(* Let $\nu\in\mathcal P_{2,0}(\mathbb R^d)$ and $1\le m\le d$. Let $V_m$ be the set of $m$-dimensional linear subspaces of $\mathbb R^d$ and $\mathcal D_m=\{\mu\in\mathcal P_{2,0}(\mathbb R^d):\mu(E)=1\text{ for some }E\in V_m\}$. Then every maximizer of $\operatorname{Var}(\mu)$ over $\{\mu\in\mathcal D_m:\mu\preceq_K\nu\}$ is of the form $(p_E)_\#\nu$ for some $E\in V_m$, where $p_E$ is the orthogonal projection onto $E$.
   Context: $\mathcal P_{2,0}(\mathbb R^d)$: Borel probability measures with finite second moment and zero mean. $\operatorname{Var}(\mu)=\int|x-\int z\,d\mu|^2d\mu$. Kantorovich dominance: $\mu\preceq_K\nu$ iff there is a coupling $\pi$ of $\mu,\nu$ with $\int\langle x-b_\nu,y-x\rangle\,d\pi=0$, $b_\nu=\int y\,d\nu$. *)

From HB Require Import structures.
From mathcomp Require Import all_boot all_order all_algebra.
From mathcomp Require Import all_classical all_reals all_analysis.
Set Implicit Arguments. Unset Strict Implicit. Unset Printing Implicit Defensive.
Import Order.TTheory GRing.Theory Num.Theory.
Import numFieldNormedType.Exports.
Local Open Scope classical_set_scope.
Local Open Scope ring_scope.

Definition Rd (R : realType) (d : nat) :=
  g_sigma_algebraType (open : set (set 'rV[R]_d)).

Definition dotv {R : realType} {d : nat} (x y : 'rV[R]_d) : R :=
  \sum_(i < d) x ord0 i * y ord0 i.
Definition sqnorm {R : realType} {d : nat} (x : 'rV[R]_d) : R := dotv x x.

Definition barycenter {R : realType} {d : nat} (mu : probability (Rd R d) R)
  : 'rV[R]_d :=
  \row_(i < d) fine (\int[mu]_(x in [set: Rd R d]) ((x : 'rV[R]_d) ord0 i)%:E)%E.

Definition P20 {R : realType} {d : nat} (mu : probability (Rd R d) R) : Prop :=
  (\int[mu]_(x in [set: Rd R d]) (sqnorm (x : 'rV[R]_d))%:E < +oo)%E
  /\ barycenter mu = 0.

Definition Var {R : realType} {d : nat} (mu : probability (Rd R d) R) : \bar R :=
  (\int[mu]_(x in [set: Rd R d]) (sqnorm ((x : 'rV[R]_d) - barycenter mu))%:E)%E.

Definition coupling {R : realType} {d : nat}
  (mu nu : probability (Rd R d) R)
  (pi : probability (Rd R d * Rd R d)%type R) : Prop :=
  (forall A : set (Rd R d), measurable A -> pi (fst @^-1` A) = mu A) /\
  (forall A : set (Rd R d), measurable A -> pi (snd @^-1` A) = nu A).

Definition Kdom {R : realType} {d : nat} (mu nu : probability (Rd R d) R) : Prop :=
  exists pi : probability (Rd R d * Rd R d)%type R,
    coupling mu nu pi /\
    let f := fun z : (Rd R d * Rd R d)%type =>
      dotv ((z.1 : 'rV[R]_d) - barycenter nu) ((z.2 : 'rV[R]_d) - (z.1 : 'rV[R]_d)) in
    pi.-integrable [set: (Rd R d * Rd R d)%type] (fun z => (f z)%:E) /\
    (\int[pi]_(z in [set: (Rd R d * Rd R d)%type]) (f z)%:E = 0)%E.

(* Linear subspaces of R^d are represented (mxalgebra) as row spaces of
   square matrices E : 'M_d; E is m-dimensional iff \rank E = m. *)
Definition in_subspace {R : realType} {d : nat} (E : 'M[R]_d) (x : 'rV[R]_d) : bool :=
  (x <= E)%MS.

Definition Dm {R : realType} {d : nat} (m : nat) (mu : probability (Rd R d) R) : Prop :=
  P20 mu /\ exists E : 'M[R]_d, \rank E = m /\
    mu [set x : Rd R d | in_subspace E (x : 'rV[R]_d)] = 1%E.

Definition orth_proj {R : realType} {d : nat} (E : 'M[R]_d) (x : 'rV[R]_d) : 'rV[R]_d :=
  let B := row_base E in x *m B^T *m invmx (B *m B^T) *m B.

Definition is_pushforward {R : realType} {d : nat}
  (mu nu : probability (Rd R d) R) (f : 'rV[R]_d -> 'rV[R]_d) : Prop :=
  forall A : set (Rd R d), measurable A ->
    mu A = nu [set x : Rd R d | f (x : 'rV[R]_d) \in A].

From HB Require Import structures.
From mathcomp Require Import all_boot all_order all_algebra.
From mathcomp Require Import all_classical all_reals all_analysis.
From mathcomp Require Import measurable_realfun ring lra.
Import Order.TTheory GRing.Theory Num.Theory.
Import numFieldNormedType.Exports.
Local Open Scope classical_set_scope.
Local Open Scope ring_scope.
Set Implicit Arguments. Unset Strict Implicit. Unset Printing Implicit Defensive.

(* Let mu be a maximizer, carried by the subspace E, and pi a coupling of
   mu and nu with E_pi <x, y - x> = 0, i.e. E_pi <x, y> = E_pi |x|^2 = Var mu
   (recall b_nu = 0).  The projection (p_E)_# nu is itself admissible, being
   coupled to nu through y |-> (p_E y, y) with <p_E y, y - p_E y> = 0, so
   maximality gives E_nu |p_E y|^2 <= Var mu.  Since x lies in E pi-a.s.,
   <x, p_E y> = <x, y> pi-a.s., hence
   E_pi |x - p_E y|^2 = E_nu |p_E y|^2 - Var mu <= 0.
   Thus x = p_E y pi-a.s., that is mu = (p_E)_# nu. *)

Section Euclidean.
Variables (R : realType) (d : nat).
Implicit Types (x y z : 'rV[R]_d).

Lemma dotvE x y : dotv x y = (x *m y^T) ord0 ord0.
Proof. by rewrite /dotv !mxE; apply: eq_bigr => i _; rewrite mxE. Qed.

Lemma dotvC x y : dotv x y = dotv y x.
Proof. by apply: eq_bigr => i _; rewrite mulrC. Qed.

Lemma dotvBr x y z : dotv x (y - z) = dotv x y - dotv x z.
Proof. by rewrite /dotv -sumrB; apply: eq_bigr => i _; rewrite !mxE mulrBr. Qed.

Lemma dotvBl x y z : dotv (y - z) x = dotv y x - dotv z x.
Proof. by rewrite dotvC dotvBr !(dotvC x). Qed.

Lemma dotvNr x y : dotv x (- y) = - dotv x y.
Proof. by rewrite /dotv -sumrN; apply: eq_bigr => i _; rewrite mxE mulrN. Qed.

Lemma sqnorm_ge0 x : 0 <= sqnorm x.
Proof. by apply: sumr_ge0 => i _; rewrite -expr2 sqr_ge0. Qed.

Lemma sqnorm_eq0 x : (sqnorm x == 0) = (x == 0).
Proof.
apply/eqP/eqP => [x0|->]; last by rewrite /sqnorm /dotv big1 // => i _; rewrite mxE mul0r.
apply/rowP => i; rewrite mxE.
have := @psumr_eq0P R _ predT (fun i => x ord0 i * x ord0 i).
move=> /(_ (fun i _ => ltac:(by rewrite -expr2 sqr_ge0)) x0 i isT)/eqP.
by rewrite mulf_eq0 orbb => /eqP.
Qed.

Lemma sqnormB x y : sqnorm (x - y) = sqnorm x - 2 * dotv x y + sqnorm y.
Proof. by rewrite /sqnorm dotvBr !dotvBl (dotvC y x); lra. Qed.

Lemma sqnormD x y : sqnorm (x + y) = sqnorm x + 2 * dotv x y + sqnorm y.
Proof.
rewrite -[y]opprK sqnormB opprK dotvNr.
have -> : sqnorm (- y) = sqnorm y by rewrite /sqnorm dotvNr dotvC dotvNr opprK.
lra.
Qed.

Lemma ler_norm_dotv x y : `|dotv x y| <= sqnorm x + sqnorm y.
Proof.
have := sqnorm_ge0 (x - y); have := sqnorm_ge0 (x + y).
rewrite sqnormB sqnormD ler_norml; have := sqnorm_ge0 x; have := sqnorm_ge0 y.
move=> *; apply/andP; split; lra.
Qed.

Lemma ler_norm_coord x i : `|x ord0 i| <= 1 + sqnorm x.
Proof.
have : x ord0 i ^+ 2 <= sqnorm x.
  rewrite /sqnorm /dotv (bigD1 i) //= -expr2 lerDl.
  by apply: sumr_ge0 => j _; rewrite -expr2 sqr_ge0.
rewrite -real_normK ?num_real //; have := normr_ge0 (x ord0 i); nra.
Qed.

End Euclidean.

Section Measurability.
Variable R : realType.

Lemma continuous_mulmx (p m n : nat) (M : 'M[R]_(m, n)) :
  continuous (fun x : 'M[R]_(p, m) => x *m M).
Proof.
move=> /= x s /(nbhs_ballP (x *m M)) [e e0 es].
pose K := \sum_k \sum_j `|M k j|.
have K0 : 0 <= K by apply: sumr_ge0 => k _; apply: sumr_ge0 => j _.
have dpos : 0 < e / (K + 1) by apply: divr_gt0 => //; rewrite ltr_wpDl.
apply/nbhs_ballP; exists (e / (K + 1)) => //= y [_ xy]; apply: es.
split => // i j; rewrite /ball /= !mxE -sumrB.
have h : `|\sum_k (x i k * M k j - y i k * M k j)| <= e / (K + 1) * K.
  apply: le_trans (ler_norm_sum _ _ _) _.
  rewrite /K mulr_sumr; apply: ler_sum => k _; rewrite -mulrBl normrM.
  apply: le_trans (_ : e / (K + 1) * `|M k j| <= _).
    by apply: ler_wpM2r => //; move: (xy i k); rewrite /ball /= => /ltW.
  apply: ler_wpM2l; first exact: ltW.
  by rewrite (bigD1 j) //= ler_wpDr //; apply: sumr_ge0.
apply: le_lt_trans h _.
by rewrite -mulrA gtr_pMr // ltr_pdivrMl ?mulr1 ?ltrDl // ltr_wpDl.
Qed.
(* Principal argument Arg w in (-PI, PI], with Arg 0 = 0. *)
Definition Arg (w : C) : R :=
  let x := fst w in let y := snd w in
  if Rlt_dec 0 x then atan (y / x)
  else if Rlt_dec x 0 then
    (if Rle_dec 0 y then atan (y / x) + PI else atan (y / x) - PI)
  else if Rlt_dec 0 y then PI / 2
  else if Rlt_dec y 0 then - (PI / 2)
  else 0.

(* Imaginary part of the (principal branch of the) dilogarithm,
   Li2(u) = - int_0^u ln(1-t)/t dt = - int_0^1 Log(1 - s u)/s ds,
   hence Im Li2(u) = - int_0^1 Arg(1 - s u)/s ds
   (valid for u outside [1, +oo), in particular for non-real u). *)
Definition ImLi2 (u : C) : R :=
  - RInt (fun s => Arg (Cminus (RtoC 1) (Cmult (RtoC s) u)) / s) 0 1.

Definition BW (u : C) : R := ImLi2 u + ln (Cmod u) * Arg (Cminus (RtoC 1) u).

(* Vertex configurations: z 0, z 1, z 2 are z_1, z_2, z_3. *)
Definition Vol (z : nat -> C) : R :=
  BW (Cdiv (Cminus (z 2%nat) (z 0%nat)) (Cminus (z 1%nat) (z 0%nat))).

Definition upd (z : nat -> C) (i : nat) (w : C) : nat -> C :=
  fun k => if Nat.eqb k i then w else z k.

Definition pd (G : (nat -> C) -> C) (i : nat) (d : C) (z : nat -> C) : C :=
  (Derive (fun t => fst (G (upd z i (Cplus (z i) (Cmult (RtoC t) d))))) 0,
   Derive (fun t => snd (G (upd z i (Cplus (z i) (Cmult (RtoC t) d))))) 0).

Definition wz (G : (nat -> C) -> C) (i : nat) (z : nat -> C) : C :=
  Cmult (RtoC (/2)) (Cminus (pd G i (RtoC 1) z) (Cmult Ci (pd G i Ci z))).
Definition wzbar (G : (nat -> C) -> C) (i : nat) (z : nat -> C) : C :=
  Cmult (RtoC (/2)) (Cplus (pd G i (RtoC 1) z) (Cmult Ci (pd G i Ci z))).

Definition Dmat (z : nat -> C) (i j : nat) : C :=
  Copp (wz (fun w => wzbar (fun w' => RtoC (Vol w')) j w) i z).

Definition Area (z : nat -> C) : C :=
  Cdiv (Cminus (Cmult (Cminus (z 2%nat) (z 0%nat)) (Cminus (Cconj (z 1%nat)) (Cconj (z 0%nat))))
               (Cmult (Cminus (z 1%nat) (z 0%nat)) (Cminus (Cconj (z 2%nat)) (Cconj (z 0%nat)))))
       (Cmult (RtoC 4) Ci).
_____
Restate the listing word for word, but only from its first line through the line with "g_sigma_algebraType (open : set", keeping both end lines.

(* Let $\nu\in\mathcal P_{2,0}(\mathbb R^d)$ and $1\le m\le d$. Let $V_m$ be the set of $m$-dimensional linear subspaces of $\mathbb R^d$ and $\mathcal D_m=\{\mu\in\mathcal P_{2,0}(\mathbb R^d):\mu(E)=1\text{ for some }E\in V_m\}$. Then every maximizer of $\operatorname{Var}(\mu)$ over $\{\mu\in\mathcal D_m:\mu\preceq_K\nu\}$ is of the form $(p_E)_\#\nu$ for some $E\in V_m$, where $p_E$ is the orthogonal projection onto $E$.
   Context: $\mathcal P_{2,0}(\mathbb R^d)$: Borel probability measures with finite second moment and zero mean. $\operatorname{Var}(\mu)=\int|x-\int z\,d\mu|^2d\mu$. Kantorovich dominance: $\mu\preceq_K\nu$ iff there is a coupling $\pi$ of $\mu,\nu$ with $\int\langle x-b_\nu,y-x\rangle\,d\pi=0$, $b_\nu=\int y\,d\nu$. *)

From HB Require Import structures.
From mathcomp Require Import all_boot all_order all_algebra.
From mathcomp Require Import all_classical all_reals all_analysis.
Set Implicit Arguments. Unset Strict Implicit. Unset Printing Implicit Defensive.
Import Order.TTheory GRing.Theory Num.Theory.
Import numFieldNormedType.Exports.
Local Open Scope classical_set_scope.
Local Open Scope ring_scope.

Definition Rd (R : realType) (d : nat) :=
  g_sigma_algebraType (open : set (set 'rV[R]_d)).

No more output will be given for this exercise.